DCAI systems also normally leverage other AI technologies like ML, big data analytics, and natural language processing (NLP). These components maximize the potential of global AI models in business decision-making, production, marketing personalization, customer success, customer support, analytics, localization, and other high-level activities.
How Data Can Power Global AI
Data-centric AI offers huge benefits for companies looking to expand on a global scale.
Accelerate Localization & Translation Efforts
AI-powered language services allowed organizations to penetrate foreign markets at a never-before-seen pace.
DCAI can enhance existing translation solutions with cleaner and more efficient data. And with DCAI’s data augmentation and error analysis components, product translations, even in technical spaces like life sciences, construction, and education, will continue to get cleaner and more reliable over time.
AI models, especially with the introduction of DCAI systems, can also power accurate image translation tools. These are capable of translating text found in images that serve multilingual audiences, like product inserts, user manuals, product renders, and more.
Streamline Data Privacy Compliance
According to Gartner, 40% of privacy compliance solutions will use AI technology. A good example is the use of AI in following data privacy protocols in healthcare translations.
Using NLP, sensitive patient information can be automatically anonymized, protected, and in line with the Health Insurance Portability and Accountability Act. DCAI-powered services, with the help of customized neural network models, can automatically filter non-inclusive or offensive language that may slip through traditional translation services.
Enhance Inspection Systems
DCAI in a production environment and iterative workflows are a huge timesaver.
Companies in the medical and manufacturing industries can use DCAI systems to accelerate the inspection process, teaching the model to better spot and label product defects. Rather than training an AI system with inconsistent data and generating skewed results, a DCAI strategy ensures data is uniform, relevant, and clean.
Improve Customer Experience Through Personalization at Scale
The benefits of DCAI eventually make their way to consumers through improved product and service quality. However, that’s not the only way AI affects the customer experience.
To create personalized marketing experiences tailored to each customer, AI solutions can rapidly sift through truckloads of data, including buyer intent, online behavior, and previous brand interactions.

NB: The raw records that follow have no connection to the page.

Lemma root_reduced a (k : R) : a \in Phi -> k *: a \in Phi -> k = 1 \/ k = -1.
Proof. by case: HR => _ _ _ h _; apply: h. Qed.

Lemma alpha_root i : alpha i \in Phi.
Proof. by case: HB. Qed.

Lemma alpha_neq0 i : alpha i != 0.
Proof. exact: root_neq0 (alpha_root i). Qed.

Lemma alpha_dot_gt0 i : 0 < dot (alpha i) (alpha i).
Proof. exact: root_dot_gt0 (alpha_root i). Qed.

Lemma alpha_dot_neq0 i : dot (alpha i) (alpha i) != 0.
Proof. exact: root_dot_neq0 (alpha_root i). Qed.

Lemma oppr_root b : b \in Phi -> - b \in Phi.
Proof. by move=> hb; rewrite -refl_self ?root_dot_neq0 // refl_root. Qed.

Lemma root_pos_or_neg b : b \in Phi -> pos_cone b \/ pos_cone (- b).
Proof.
case: HB => _ _ h /h [c [-> hc]].
by case: hc => hc; [left|right]; apply/pos_coneP => i;
  rewrite ?coordN coord_sum ?oppr_ge0 ?ler0z ?lerz0.
Qed.

Lemma coord_refl_alpha i x j :
  coord (refl (alpha i) x) j =
  coord x j - 2 * dot x (alpha i) / dot (alpha i) (alpha i) * (i == j)%:R.
Proof. by rewrite /refl coordB coordZ coord_alpha. Qed.

Lemma coord_refl_alpha_neq i j x : i != j -> coord (refl (alpha i) x) j = coord x j.
Proof. by move=> /negbTE ij; rewrite coord_refl_alpha ij mulr0 subr0. Qed.

Lemma height_refl_alpha i x :
  height (refl (alpha i) x) = height x - 2 * dot x (alpha i) / dot (alpha i) (alpha i).
Proof.
rewrite /height; under eq_bigr => j _ do rewrite coord_refl_alpha.
rewrite sumrB -mulr_sumr (_ : \sum_j (i == j)%:R = 1) ?mulr1 //.
by rewrite (bigD1 i) //= eqxx big1 ?addr0 // => j; rewrite eq_sym => /negbTE ->.
Qed.

Lemma alpha_dot_le0 i j : i != j -> dot (alpha i) (alpha j) <= 0.
Proof.
move=> ij; rewrite leNgt; apply/negP => hpos.
have hb : refl (alpha i) (alpha j) \in Phi by rewrite refl_root ?alpha_root.
have ci : coord (refl (alpha i) (alpha j)) i < 0.
  rewrite coord_refl_alpha !coord_alpha eqxx eq_sym (negbTE ij) sub0r oppr_lt0 mulr1.
  by rewrite divr_gt0 ?alpha_dot_gt0 // mulr_gt0 // dotC.
have cj : coord (refl (alpha i) (alpha j)) j = 1.
  by rewrite coord_refl_alpha_neq // coord_alpha eqxx.
case: (root_pos_or_neg hb) => /pos_coneP h.
  by have := h i; rewrite leNgt ci.
by have := h j; rewrite coordN cj oppr_ge0 ler10.
Qed.

(* A positive root other than [alpha i] has a positive coordinate outside [i],
   which [refl (alpha i)] leaves unchanged. *)
Lemma refl_alpha_pos i b : b \in Phi -> pos_cone b -> b != alpha i ->
  pos_cone (refl (alpha i) b).
Proof.
move=> hb pb nb.
case: (boolP [exists j, (j != i) && (0 < coord b j)]) => [/existsP [j /andP [ji cj]]|].
  case: (root_pos_or_neg (refl_root (alpha_root i) hb)) => // /pos_coneP h.
  by have := h j; rewrite coordN coord_refl_alpha_neq 1?eq_sym // oppr_ge0 leNgt cj.
rewrite negb_exists => /forallP hj.
have eb : b = coord b i *: alpha i.
  rewrite {1}(coord_decomp b) (bigD1 i) //= big1 ?addr0 // => j ji.
  have := hj j; rewrite ji /= -leNgt => hle.
  have /pos_coneP /(_ j) hge := pb.
  rewrite (_ : coord b j = 0) ?scale0r //.
  by apply/eqP; rewrite eq_le hle hge.
have hb' : coord b i *: alpha i \in Phi by rewrite -eb.
case: (root_reduced (alpha_root i) hb') => hc.
  by move: nb; rewrite eb hc scale1r eqxx.
by have /pos_coneP /(_ i) := pb; rewrite hc ler0N1.
Qed.

Definition wact s : vec -> vec := foldr (fun i f => refl (alpha i) \o f) id s.

Lemma wact_cons i s v : wact (i :: s) v = refl (alpha i) (wact s v).
Proof. by []. Qed.

Lemma wactD s u v : wact s (u + v) = wact s u + wact s v.
Proof. by elim: s => //= i s IH; rewrite IH reflD. Qed.

Lemma wactZ s k v : wact s (k *: v) = k *: wact s v.
Proof. by elim: s => //= i s IH; rewrite IH reflZ. Qed.

Lemma wactN s v : wact s (- v) = - wact s v.
Proof. by elim: s => //= i s IH; rewrite IH reflN. Qed.

Lemma wactB s u v : wact s (u - v) = wact s u - wact s v.
Proof. by rewrite wactD wactN. Qed.

Lemma wact_sum s (I : Type) (r : seq I) (P : pred I) (F : I -> vec) :
  wact s (\sum_(i <- r | P i) F i) = \sum_(i <- r | P i) wact s (F i).
Proof.
elim/big_rec2: _ => [|i x y _ <-]; last by rewrite wactD.
by rewrite -[0 in LHS](scale0r (0 : vec)) wactZ scale0r.
Qed.

Lemma wact_cat s t v : wact (s ++ t) v = wact s (wact t v).
Proof. by elim: s => //= i s ->. Qed.

Lemma wact_rcons s i v : wact (rcons s i) v = wact s (refl (alpha i) v).
Proof. by rewrite -cats1 wact_cat. Qed.

Lemma wact_revK s : cancel (wact s) (wact (rev s)).
Proof.
elim: s => //= i s IH v.
by rewrite rev_cons wact_rcons reflK ?alpha_dot_neq0.
Qed.

Lemma wact_Krev s : cancel (wact (rev s)) (wact s).
Proof. by move=> v; have := wact_revK (rev s) v; rewrite revK. Qed.

Lemma wact_inj s : injective (wact s).
Proof. exact: can_inj (wact_revK s). Qed.

Lemma dot_wact s u v : dot (wact s u) (wact s v) = dot u v.
Proof. by elim: s => //= i s <-; rewrite dot_refl ?alpha_dot_neq0. Qed.

Lemma wact_root s b : b \in Phi -> wact s b \in Phi.
Proof. by elim: s => //= i s IH hb; rewrite refl_root ?alpha_root ?IH. Qed.

Lemma wact_weyl s : weyl Phi (wact s).
Proof. by elim: s => [|i s IH]; [exact: weyl_id | exact: weyl_step (alpha_root i) IH]. Qed.

Lemma wact_refl s a v : dot a a != 0 -> wact s (refl a v) = refl (wact s a) (wact s v).
Proof. by move=> nz; rewrite {2}/refl !dot_wact /refl wactB wactZ. Qed.

(* Descent on the height: a positive root that is not simple pairs positively with
   some simple root [alpha j], and [refl (alpha j)] lowers its height by a positive
   integer. *)
Lemma pos_root_wact_alpha (N : nat) b : b \in Phi -> pos_cone b -> height b < N%:R ->
  exists t i, b = wact t (alpha i).
Proof.
elim: N b => [|N IH] b hb pb hN.
  by move: hN; rewrite ltNge height_ge0.
case: (boolP [exists i, b == alpha i]) => [/existsP [i /eqP ->]|].
  by exists [::], i.
rewrite negb_exists => /forallP nb.
have [j hj] : exists j, 0 < dot b (alpha j).
  apply/existsP; apply: contraT; rewrite negb_exists => /forallP hj.
  have := root_dot_gt0 hb; rewrite {1}dot_coord ltNge => /negP []; apply: sumr_le0 => i _.
  rewrite dotC mulr_ge0_le0 //; first by have /pos_coneP := pb.
  by have := hj i; rewrite -leNgt.
set b' := refl (alpha j) b.
have hb' : b' \in Phi by rewrite refl_root ?alpha_root.
have [z hz] := cartan_int (alpha_root j) hb.
have k1 : 1 <= 2 * dot b (alpha j) / dot (alpha j) (alpha j).
  have : 0 < 2 * dot b (alpha j) / dot (alpha j) (alpha j).
    by rewrite divr_gt0 ?alpha_dot_gt0 // mulr_gt0.
  by rewrite hz ltr0z ler1z.
have [t [i ht]] : exists t i, b' = wact t (alpha i).
  apply: IH => //; first exact: refl_alpha_pos.
  by rewrite /b' height_refl_alpha; move: hN; rewrite -natr1; lra.
by exists (j :: t), i; rewrite wact_cons -ht /b' reflK ?alpha_dot_neq0.
Qed.

Lemma root_wact_alpha b : b \in Phi -> exists t i, b = wact t (alpha i).
Proof.
have hpos c : c \in Phi -> pos_cone c -> exists t i, c = wact t (alpha i).
  move=> hc pc; apply: (@pos_root_wact_alpha (Num.bound (height c))) => //.
  exact/archi_boundP/height_ge0.
move=> hb; case: (root_pos_or_neg hb) => pb; first exact: hpos.
have [t [i ht]] := hpos _ (oppr_root hb) pb.
by exists (rcons t i), i; rewrite wact_rcons refl_self ?alpha_dot_neq0 // wactN -ht opprK.
Qed.

Lemma weyl_wact w : weyl Phi w -> exists s, w =1 wact s.
Proof.
elim => [|a w' ha _ [s hs]]; first by exists [::].
have [t [i ht]] := root_wact_alpha ha.
exists (t ++ i :: rev t ++ s) => v /=.
by rewrite wact_cat wact_cons wact_cat -hs wact_refl ?alpha_dot_neq0 // -ht wact_Krev.
Qed.
(* For every integer $n\ge 2$, the $n$-abomination $\mathbb{X}_n$ has width $2^{n+2}$; that is, $\mathbb{X}_n$ contains an antichain with $2^{n+2}$ elements and every antichain in $\mathbb{X}_n$ has at most $2^{n+2}$ elements.
   Context: $\mathbb{N}=\{0,1,2,\dots\}$. Fix an integer $n\ge 2$ and put $N=2^{n+1}-1$. Let $T_n$ be the set of triples $\langle k_1,k_2,k_3\rangle$ of pairwise distinct natural numbers $\le N$, with a fixed enumeration $T_n=\{s_0,\dots,s_t\}$. Let $U_n$ be a set of pairwise distinct elements $a_m,b_m$ ($m\in\mathbb{N}$) and $c_{m,k},d_{m,k},e^a_{m,k},e^b_{m,k}$ ($m\in\mathbb{N}$, $0\le k\le N$). Define $x\prec y$ on $U_n$ iff one of: (1) $x=a_m$ and $y\in\{c_{m,k_1},c_{m,k_2}\}$, where $s_j=\langle k_1,k_2,k_3\rangle$ with $j\equiv m \bmod (t+1)$; (2) $x=b_m$ and $y\in\{c_{m,k_1},c_{m,k_3}\}$, with $s_j$ as in (1); (3) $m\ge1$, $x=c_{m,k}$, and either $y=e^a_{m-1,j}$ with $j\ne k$, or $y=e^b_{m-1,i}$ for any $i\le N$; (4) $x=d_{m,k}$ and $y=c_{m,j}$ with $j\neq k$; (5) $x=e^a_{m,k}$ and either $y=a_m$ or $y=d_{m,j}$ with $j\ne k$; (6) $x=e^b_{m,k}$ and either $y=b_m$ or $y=d_{m,j}$ with $j\ne k$. Let $\le$ be the reflexive transitive closure of $\prec$. The $n$-abomination $\mathbb{X}_n$ is the poset $U_n\cup\{\bot\}$ where $\bot$ is a new least element, with the topology in which $U$ is open iff $\bot\notin U$ or $U$ is cofinite. A rooted poset has width $w$ if its largest antichain has exactly $w$ elements. *)

From Stdlib Require Import Arith List Relations.
Import ListNotations.

Definition bigN (n : nat) : nat := 2 ^ (S n) - 1.

Definition triple_ok (n : nat) (t : nat * nat * nat) : Prop :=
  let '(k1, k2, k3) := t in
  k1 <> k2 /\ k1 <> k3 /\ k2 <> k3 /\
  k1 <= bigN n /\ k2 <= bigN n /\ k3 <= bigN n.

Sales teams can also take advantage of DCAI systems to identify high-priority prospects, including global accounts that are ready to close a deal. Customer intelligence platforms can use AI to sort prospects according to their recent activities, technology stack, and bits of firmographic data (cleaned up and optimized by DCAI).
You can also add AI-enabled (multilingual) chatbots to the mix, using conversational AI, in customer support and to further enhance CX.
Gather More Quality Data on Autopilot
AI requires massive amounts of high-quality data to function reliably (and global AI requires multilingual data). High-quality data, on the other hand, requires data to be collected quickly and efficiently en masse.
A data-centric approach supercharges this cycle with reliable data from the very beginning. It can provide AI models with the quantity and quality of data needed to shoot for maximum accuracy.
DCAI also catches labeling issues and inconsistencies early to prevent confusion and failure down the line. Other ways data-centric AI can empower global marketing include:
- Customer success
- AI content assistants
- AI-powered risk management
Use Data-Centric AI to Connect With Global Audiences
In a world where further breakthroughs in AI models get diminishing returns, organizations need to shift their focus to the other side of the equation: the data.
Execution-wise, it’s as simple as finding the best DCAI vendor that fits your global AI and business goals.